Figure 1.0 Buck Converter
The above figure shows the current path when the switch is turned on and off (shown by the thick line).
- When the switch is on, the input voltage is connected to the inductor. The difference between the input and output voltage is then forced through the inductor, causing the current through the inductor to increase.
- During the on-time period, the inductor current flows into the load and the output capacitor (the capacitor is charged during this period).
- When the switch turns off, the input voltage applied to the inductor is removed. However, since the current in the inductor cannot change immediately, the voltage across the inductor will adjust to maintain a constant current.

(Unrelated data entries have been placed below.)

(* Let $c\in\mathbb{R}$, $g\in\mathbb{R}^d$, let $\mathbf{H}\in\mathbb{R}^{d\times d}$ be symmetric, let $w^t\in\mathbb{R}^d$, and define $$q(w)=c+\langle g,w-w^t\rangle+\tfrac12\langle\mathbf{H}(w-w^t),w-w^t\rangle .$$ Assume $q$ has at least one root and let $w_q^*$ be a root of $q$ of least Euclidean norm, i.e. $w_q^*\in\arg\min\{\|w\|^2: q(w)=0\}$. Define the Newton–Raphson iterates $w^0=w^t$ and $$w^{i+1}=w^i-\frac{q(w^i)}{\|\nabla q(w^i)\|^2}\nabla q(w^i),\qquad i\ge0,$$ assuming $\nabla q(w^i)\neq0$ for all $i$. If $g\in\operatorname{Range}(\mathbf{H})$ and $w^0\in\operatorname{Range}(\mathbf{H})$, then $w^i\in\operatorname{Range}(\mathbf{H})$ and $\nabla q(w^i)\in\operatorname{Range}(\mathbf{H})$ for all $i$, and $w_q^*\in\operatorname{Range}(\mathbf{H})$.
   Context: In the paper $c=f_i(w^t)$, $g=\nabla f_i(w^t)$, $\mathbf{H}=\nabla^2 f_i(w^t)$ for a twice differentiable loss $f_i$; the statement holds for arbitrary such data. *)

From HB Require Import structures.
From mathcomp Require Import all_boot all_order all_algebra.
From mathcomp Require Import reals.
Set Implicit Arguments. Unset Strict Implicit. Unset Printing Implicit Defensive.
Import Order.TTheory GRing.Theory Num.Theory.
Local Open Scope ring_scope.

Definition dotv (R : realType) (d : nat) (u v : 'cV[R]_d) : R :=
  \sum_(i < d) u i 0 * v i 0.

Definition sqnorm (R : realType) (d : nat) (u : 'cV[R]_d) : R := dotv u u.

Definition in_range (R : realType) (d : nat) (H : 'M[R]_d) (v : 'cV[R]_d) : Prop :=
  exists x : 'cV[R]_d, v = H *m x.

Definition qfun (R : realType) (d : nat) (c : R) (g : 'cV[R]_d) (H : 'M[R]_d)
  (wt w : 'cV[R]_d) : R :=
  c + dotv g (w - wt) + 2^-1 * dotv (H *m (w - wt)) (w - wt).

(* Gradient of q for symmetric H: grad q(w) = g + H (w - wt). *)
Definition gradq (R : realType) (d : nat) (g : 'cV[R]_d) (H : 'M[R]_d)
  (wt w : 'cV[R]_d) : 'cV[R]_d :=
  g + H *m (w - wt).

Fixpoint nr_iter (R : realType) (d : nat) (c : R) (g : 'cV[R]_d) (H : 'M[R]_d)
  (wt : 'cV[R]_d) (i : nat) : 'cV[R]_d :=
  match i with
  | 0 => wt
  | i'.+1 =>
      let w := nr_iter c g H wt i' in
      w - (qfun c g H wt w / sqnorm (gradq g H wt w)) *: gradq g H wt w
  end.

From HB Require Import structures.
From mathcomp Require Import all_boot all_order all_algebra.
From mathcomp Require Import reals.
Set Implicit Arguments. Unset Strict Implicit. Unset Printing Implicit Defensive.
Import Order.TTheory GRing.Theory Num.Theory.
Local Open Scope ring_scope.

Lemma mulmx_tr_eq0 (R : realDomainType) m n (M : 'M[R]_(m, n)) :
  M *m M^T = 0 -> M = 0.
Proof.
move=> MMt0; apply/matrixP => i j; rewrite mxE.
have := congr1 (fun A : 'M_m => A i i) MMt0; rewrite !mxE => sum_sq0.
have sq_ge0 k : true -> 0 <= M i k * M^T k i by rewrite mxE -expr2 sqr_ge0.
have /eqP := psumr_eq0P sq_ge0 sum_sq0 (i := j) isT.
by rewrite mxE mulf_eq0 orbb => /eqP.
Qed.

Section SymmetricRangeKernel.
Variables (R : realFieldType) (n : nat) (H : 'M[R]_n).
Hypothesis symH : H^T = H.

Lemma sym_capmx_kermx : (H :&: kermx H)%MS = 0.
Proof.
set C := (H :&: kermx H)%MS.
have /submxP[X defC] : (C <= H)%MS := capmxSl _ _.
have /sub_kermxP CH : (C <= kermx H)%MS := capmxSr _ _.
by apply: mulmx_tr_eq0; rewrite {2}defC trmx_mul symH mulmxA CH mul0mx.
Qed.

Lemma sym_addsmx_kermx_full : row_full (H + kermx H)%MS.
Proof.
apply/eqP; have := mxrank_sum_cap H (kermx H).
rewrite sym_capmx_kermx mxrank0 addn0 mxrank_ker => ->.
by rewrite subnKC // rank_leq_row.
Qed.

Lemma sym_range_kernel_decomp (w : 'cV[R]_n) :
  exists u k : 'cV[R]_n, w = H *m u + k /\ H *m k = 0.
Proof.
have /sub_addsmxP[[a b] /= defw] := submx_full w^T sym_addsmx_kermx_full.
exists a^T, (b *m kermx H)^T; split.
  by rewrite -[w]trmxK defw linearD /= trmx_mul symH.
have /sub_kermxP Hk : (b *m kermx H <= kermx H)%MS := submxMl _ _.
by rewrite -[H in H *m _]symH -trmx_mul Hk trmx0.
Qed.

End SymmetricRangeKernel.

Section Dot.
Variables (R : realType) (d : nat).
Implicit Types (u v w : 'cV[R]_d) (H : 'M[R]_d).

Lemma dotvE u v : dotv u v = (u^T *m v) 0 0.
Proof. by rewrite mxE; apply: eq_bigr => i _; rewrite mxE. Qed.

Lemma dotvC u v : dotv u v = dotv v u.
Proof. by apply: eq_bigr => i _; rewrite mulrC. Qed.

Lemma dotvDl u v w : dotv (u + v) w = dotv u w + dotv v w.
Proof. by rewrite !dotvE linearD /= mulmxDl mxE. Qed.

Lemma dotvDr u v w : dotv u (v + w) = dotv u v + dotv u w.
Proof. by rewrite !dotvE mulmxDr mxE. Qed.

Lemma dotv0l u : dotv 0 u = 0.
Proof. by rewrite dotvE trmx0 mul0mx mxE. Qed.

Lemma dotv_mulmx_sym H u v : H^T = H -> dotv u (H *m v) = dotv (H *m u) v.
Proof. by move=> symH; rewrite !dotvE trmx_mul symH mulmxA. Qed.

Lemma dotv_range_kernel H u v :
  H^T = H -> in_range H u -> H *m v = 0 -> dotv u v = 0.
Proof. by move=> symH [x ->] Hv; rewrite dotvC dotv_mulmx_sym // Hv dotv0l. Qed.

Lemma sqnorm_ge0 u : 0 <= sqnorm u.
Proof. by apply: sumr_ge0 => i _; rewrite -expr2 sqr_ge0. Qed.

Lemma sqnorm_eq0 u : sqnorm u = 0 -> u = 0.
Proof.
move=> u0; apply/eqP; rewrite -trmx_eq0; apply/eqP/mulmx_tr_eq0/matrixP => i j.
by rewrite !ord1 trmxK -dotvE -/(sqnorm u) u0 mxE.
Qed.

Lemma sqnormD_orth u v : dotv u v = 0 -> sqnorm (u + v) = sqnorm u + sqnorm v.
Proof.
by move=> uv0; rewrite /sqnorm !dotvDl !dotvDr [dotv v u]dotvC uv0 addr0 add0r.
Qed.

End Dot.

Section Range.
Variables (R : realType) (d : nat) (H : 'M[R]_d).

Lemma in_range_mulmx x : in_range H (H *m x).
Proof. by exists x. Qed.

Lemma in_rangeD u v : in_range H u -> in_range H v -> in_range H (u + v).
Proof. by move=> [x ->] [y ->]; exists (x + y); rewrite mulmxDr. Qed.

Lemma in_rangeN u : in_range H u -> in_range H (- u).
Proof. by move=> [x ->]; exists (- x); rewrite mulmxN. Qed.

Lemma in_rangeZ a u : in_range H u -> in_range H (a *: u).
Proof. by move=> [x ->]; exists (a *: x); rewrite scalemxAr. Qed.

End Range.

Section Quadratic.
Variables (R : realType) (d : nat) (c : R) (g : 'cV[R]_d) (H : 'M[R]_d).
Variable wt : 'cV[R]_d.
Hypotheses (symH : H^T = H) (g_range : in_range H g) (wt_range : in_range H wt).

Lemma gradq_in_range w : in_range H (gradq g H wt w).
Proof. exact/in_rangeD/in_range_mulmx. Qed.

Lemma nr_iter_in_range i : in_range H (nr_iter c g H wt i).
Proof.
elim: i => [|i IHi] //=.
exact/in_rangeD/in_rangeN/in_rangeZ/gradq_in_range.
Qed.

Lemma qfunD_kernel w k : H *m k = 0 -> qfun c g H wt (w + k) = qfun c g H wt w.
Proof.
move=> Hk; have gk0 := dotv_range_kernel symH g_range Hk.
have Hwk0 := dotv_range_kernel symH (in_range_mulmx H (w - wt)) Hk.
rewrite /qfun [w + k - wt]addrAC mulmxDr Hk addr0 !(dotvDr _ (w - wt) k).
by rewrite gk0 Hwk0 !addr0.
Qed.

Lemma min_sqnorm_root_in_range wq :
  qfun c g H wt wq = 0 ->
  (forall w, qfun c g H wt w = 0 -> sqnorm wq <= sqnorm w) ->
  in_range H wq.
Proof.
move=> wq_root wq_min.
have [u [k [defwq Hk]]] := sym_range_kernel_decomp symH wq.
have pk0 := dotv_range_kernel symH (in_range_mulmx H u) Hk.
have root_p : qfun c g H wt (H *m u) = 0 by rewrite -(qfunD_kernel _ Hk) -defwq.
have := wq_min _ root_p; rewrite defwq sqnormD_orth // gerDl => k_le0.
have -> : k = 0 by apply/sqnorm_eq0/eqP; rewrite eq_le k_le0 sqnorm_ge0.
by rewrite addr0; apply: in_range_mulmx.
Qed.

End Quadratic.

Theorem lemma6 (R : realType) (d : nat) (c : R) (g : 'cV[R]_d) (H : 'M[R]_d)
  (wt wq : 'cV[R]_d) :
  H^T = H ->
  qfun c g H wt wq = 0 ->
  (forall w : 'cV[R]_d, qfun c g H wt w = 0 -> sqnorm wq <= sqnorm w) ->
  (forall i : nat, gradq g H wt (nr_iter c g H wt i) != 0) ->
  in_range H g ->
  in_range H wt ->
  (forall i : nat, in_range H (nr_iter c g H wt i) /\
                   in_range H (gradq g H wt (nr_iter c g H wt i))) /\
  in_range H wq.
Proof.
move=> symH wq_root wq_min _ g_range wt_range.
split.
  by move=> i; split; [apply: nr_iter_in_range | apply: gradq_in_range].
exact: min_sqnorm_root_in_range wq_min.
Qed.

- As the current decreases, the input of the inductor is forced to develop a negative voltage, eventually reaching the point where the diode conducts. The inductor current then flows through the load and back through the diode.
- The capacitor discharges to the load during the off period, thus making up the total current delivered to the load (the total load current during the switch off period is the sum of the inductor and capacitor currents).

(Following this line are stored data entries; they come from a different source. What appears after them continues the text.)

(* Let $A$ and $B$ be C$^*$-algebras, where $A$ is unital, simple and infinite. Let $T:A\to B$ be a linear map. Then $T$ is a $^*$-homomorphism if and only if $T$ is a $^*$-homomorphism at the unit $1$ of $A$.
   Context: A map $T:A\to B$ between C$^*$-algebras is a $^*$-homomorphism at $z\in A$ if for all $a,b\in A$ with $ab^*=z$ one has $T(ab^* )=T(a)T(b)^*=T(z)$, and for all $c,d\in A$ with $c^*d=z$ one has $T(c^*d)=T(c)^*T(d)=T(z)$. A unital C$^*$-algebra is infinite if its unit is not a finite projection (equivalently, it contains a projection that is Murray–von Neumann equivalent to a proper subprojection of itself). Simple means $A$ has no nontrivial norm-closed two-sided ideals. *)

From HB Require Import structures.
From mathcomp Require Import all_boot all_order all_algebra.
From mathcomp Require Import complex.
From mathcomp Require Import all_classical all_reals topology normedtype.
Set Implicit Arguments. Unset Strict Implicit. Unset Printing Implicit Defensive.
Import Order.TTheory GRing.Theory Num.Theory.
Import numFieldNormedType.Exports.
Local Open Scope ring_scope.
Local Open Scope classical_set_scope.

Section CStar.
Variable R : realType.
Local Notation C := (complex R).

Definition is_cstar_algebra (V : completeNormedModType C)
    (mul : V -> V -> V) (star : V -> V) : Prop :=
  (forall x y z, mul x (mul y z) = mul (mul x y) z) /\
      (forall (a : C) x y z, mul (a *: x + y) z = a *: mul x z + mul y z) /\
      (forall (a : C) x y z, mul z (a *: x + y) = a *: mul z x + mul z y) /\
      (forall (a : C) x y, star (a *: x + y) = (Num.conj a) *: star x + star y) /\
      (forall x, star (star x) = x) /\
      (forall x y, star (mul x y) = mul (star y) (star x)) /\
      (forall x y, `|mul x y| <= `|x| * `|y|) /\
      (forall x, `|mul (star x) x| = `|x| ^+ 2).

Variable V : completeNormedModType C.
Variables (mul : V -> V -> V) (star : V -> V).

Definition is_unit (one : V) : Prop := forall x, mul one x = x /\ mul x one = x.

Definition closed_ideal (I : set V) : Prop :=
  [/\ I 0,
      (forall x y, I x -> I y -> I (x + y)),
      (forall (a : C) x, I x -> I (a *: x)),
      (forall x y, I y -> I (mul x y) /\ I (mul y x))
    & closed I].

Definition simple_alg : Prop :=
  forall I : set V, closed_ideal I -> I = [set 0] \/ I = setT.

Definition projection (p : V) : Prop := mul p p = p /\ star p = p.

Definition mvn_equiv (p q : V) : Prop :=
  exists v, mul (star v) v = p /\ mul v (star v) = q.

Definition subproj (q p : V) : Prop := mul q p = q.

Definition finite_proj (p : V) : Prop :=
  forall q, projection q -> subproj q p -> mvn_equiv p q -> q = p.

Definition infinite_alg (one : V) : Prop := ~ finite_proj one.

End CStar.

Continuous vs Discontinuous Operation in Buck Converter
Buck converter can operate in two states:
- Continuous, where the inductor current never falls to zero
- Discontinuous, where the inductor current falls to zero at the end of each cycle.

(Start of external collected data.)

End Ellipticity.
Lemma image_closed_of_finite_cohomology {X Y W : Hilbert} (T : X -> Y) (c : Y -> W) (vs : list Y) :
  bounded_linear T -> bounded_linear c -> (forall x, c (T x) = hzero) ->
  (forall u, c u = hzero -> exists cs w, u = hadd (lincomb cs vs) (T w)) -> closedS (imS T).
Proof.
  intros HT Hc HcT Hcov. set (Q := Pr (kerS c)).
  assert (SK : subsp (kerS c)) by (apply ker_subsp; auto). assert (CK : closedS (kerS c)) by (apply ker_closed; auto).
  apply (image_closed_of_finite_codim (map Q vs) T (kerS c)); auto.
  - intros w Hw. apply in_map_iff in Hw. destruct Hw as [v [<- _]]. apply Pr_in; auto.
  - intros u Hu. destruct (Hcov u Hu) as [cs [w Ew]]. exists w, cs.
    rewrite <- (Pr_id _ SK CK u Hu), Ew, (bl_add _ (Pr_bl _ SK CK)), (Pr_id _ SK CK (T w)) by apply HcT.
    rewrite (bl_lincomb _ _ _ (Pr_bl _ SK CK)). apply hadd_comm.
Qed.

Section Fredholm.
Variable O : ClGOA.
Variable g : Z -> gw O.
Variable A : forall j : Z, H O (g j) -> H O (g (Z.succ j)).
Hypothesis HA : forall j, L0 O (A j).
Hypothesis Hcx : is_complex O g A.

Notation Aprev := (Aprev O g A).
Notation Lap := (Laplacian O g A).

Lemma laplacian_fredholm_of_fredholm_complex : fredholm_complex O g A -> forall j, fredholm_op (Lap j).
Proof.
  intros FC j.
  set (a := Aprev j). set (a' := adj O a). set (b := A j). set (b' := adj O b).
  assert (Ha : bounded_linear a) by (apply L0_bl, L0_Aprev; auto).
  assert (Ha' : bounded_linear a') by (apply L0_adj_bl, L0_Aprev; auto).
  assert (Hb : bounded_linear b) by (apply L0_bl; auto).
  assert (Hb' : bounded_linear b') by (apply L0_adj_bl; auto).
  assert (Aa : is_adjoint a a') by (apply adj_spec, L0_Aprev; auto).
  assert (Ab : is_adjoint b b') by (apply adj_spec; auto).
  assert (Hba : forall w, b (a w) = hzero) by apply Hcx.
  destruct (FC j) as [vs Hvs].
  assert (Cla : closedS (imS a)) by (apply (image_closed_of_finite_cohomology a b vs); auto).
  assert (Clb : closedS (imS b)).
  { destruct (FC (Z.succ j)) as [ws Hws].
    apply (image_closed_of_finite_cohomology b (A (Z.succ j)) ws); auto.
    - apply L0_bl; auto.
    - intro. apply (complex_succ O g A Hcx).
    - intros u Hu. destruct (Hws u Hu) as [cs [w Ew]]. exists cs, (tau_inv O g j w).
      rewrite Ew, (Aprev_succ_fun O g A). reflexivity. }
  (* the harmonic space ker Lap_j = ker a' /\ ker b is spanned by the projections of vs onto (im a)^perp *)
  set (Q := Pr (orthc (imS a))).
  assert (SQ : subsp (orthc (imS a))) by apply orthc_subsp. assert (CQ : closedS (orthc (imS a))) by apply orthc_closed.
  assert (Hker : forall k, Lap j k = hzero -> exists cs, k = lincomb cs (map Q vs)).
  { intros k Dk. apply (hodge_lap_ker a a' b b' Ha Hb' Aa Ab k) in Dk. destruct Dk as [K1 K2].
    destruct (Hvs k K2) as [cs [w Ew]]. exists cs.
    rewrite <- (Pr_id _ SQ CQ k) by (apply (orth_im_iff a a'); auto).
    rewrite Ew. unfold Q. rewrite (bl_add _ (Pr_bl _ SQ CQ)), (Pr_orth_zero _ SQ CQ (Aprev j w)), hadd_0r.
    - apply (bl_lincomb _ _ _ (Pr_bl _ SQ CQ)).
    - intros s Hs. apply hinner_C0_sym, Hs. exists w; auto. }
  split; [|split].
  - apply L0_bl, L0_Lap; auto.
  - exists (map Q vs). auto.
  - exists (map Q vs). intro y.
    destruct (hodge_decomposition a a' b b' Ha Ha' Hb Hb' Aa Ab Hba Cla Clb y) as [x [r [Ey Dr]]].
    destruct (Hker r Dr) as [cs Ecs]. exists x, cs. rewrite Ey, Ecs. reflexivity.
Qed.

Definition exact_lap_inverse (G P : forall j, H O (g j) -> H O (g j)) : Prop :=
  forall j, L0 O (G j) /\ orth_proj_ker O (Lap j) (P j) /\
    ocomp (G j) (Lap j) = osub oid (P j) /\ ocomp (Lap j) (G j) = osub oid (P j).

In most buck regulator applications, the inductor current never drops to zero during full load operation (this is defined as continuous mode operation). Overall performance is usually better using continuous mode, and it allows maximum output power to be obtained from a given input voltage and switch current rating.
In applications where the maximum load current is quite low, it may be advantageous to design for discontinuous mode operation. In these cases, operating in discontinuous mode may result in a smaller overall converter size (because a smaller inductor can be used).
Discontinuous mode operation at lower load current values is usually harmless, and even converters designed for continuous mode operation at full load will become discontinuous as the load current decreases (usually without causing a problem).
Typical application example
The following figure shows a typical application example of a buck converter, LT8631.The LT8631 is a current mode PWM step-down DC/DC converter with internal synchronous switches that provide current for output loads up to 1A. It can be used in a system level solution that effectively converts the high-voltage rail to 5V.
The main advantage of the buck converter is its simplicity and flexibility. The following table summarizes the key considerations for buck converters.
| Advantages | Disadvantages |
|---|---|
| Buck converters are known for their high efficiency in converting higher input voltages to lower output voltages. They waste less energy in the form of heat than linear regulators. | Buck converters require complex control circuitry to operate properly, which increases design complexity and potential reliability issues. |
| Due to their high efficiency, buck converters generate less heat, which is critical for applications where thermal management is a concern. | Buck converters generate EMI due to switching, which may require additional filtering and shielding. |
| Buck converters are generally smaller and lighter than linear regulators, making them suitable for applications where size and weight are limited. | Some buck converter designs may have higher output voltage ripple compared to linear regulators. This can be a problem for applications that require extremely low noise levels. |
| Buck converters can support a wide range of input voltages, allowing them to operate properly from variable or unstable power supplies. | Buck converters can only reduce the input voltage and are not suitable for applications requiring higher output voltages than input voltages. |
| Buck converters have fast transient response, making them suitable for applications that require rapid adjustment to load changes. | Some buck converter designs have limitations in the maximum current they can handle. High power applications may require more complex buck converter configurations. |
| The buck converter provides a stable and well-regulated output voltage even if the input voltage fluctuates. | The design and selection of buck converter components can be challenging and may require careful consideration of factors such as inductor selection, switching frequency, and control loop design. |
| Buck converters are often used in battery-powered devices where energy efficiency is critical. They help extend battery life by minimizing power loss. |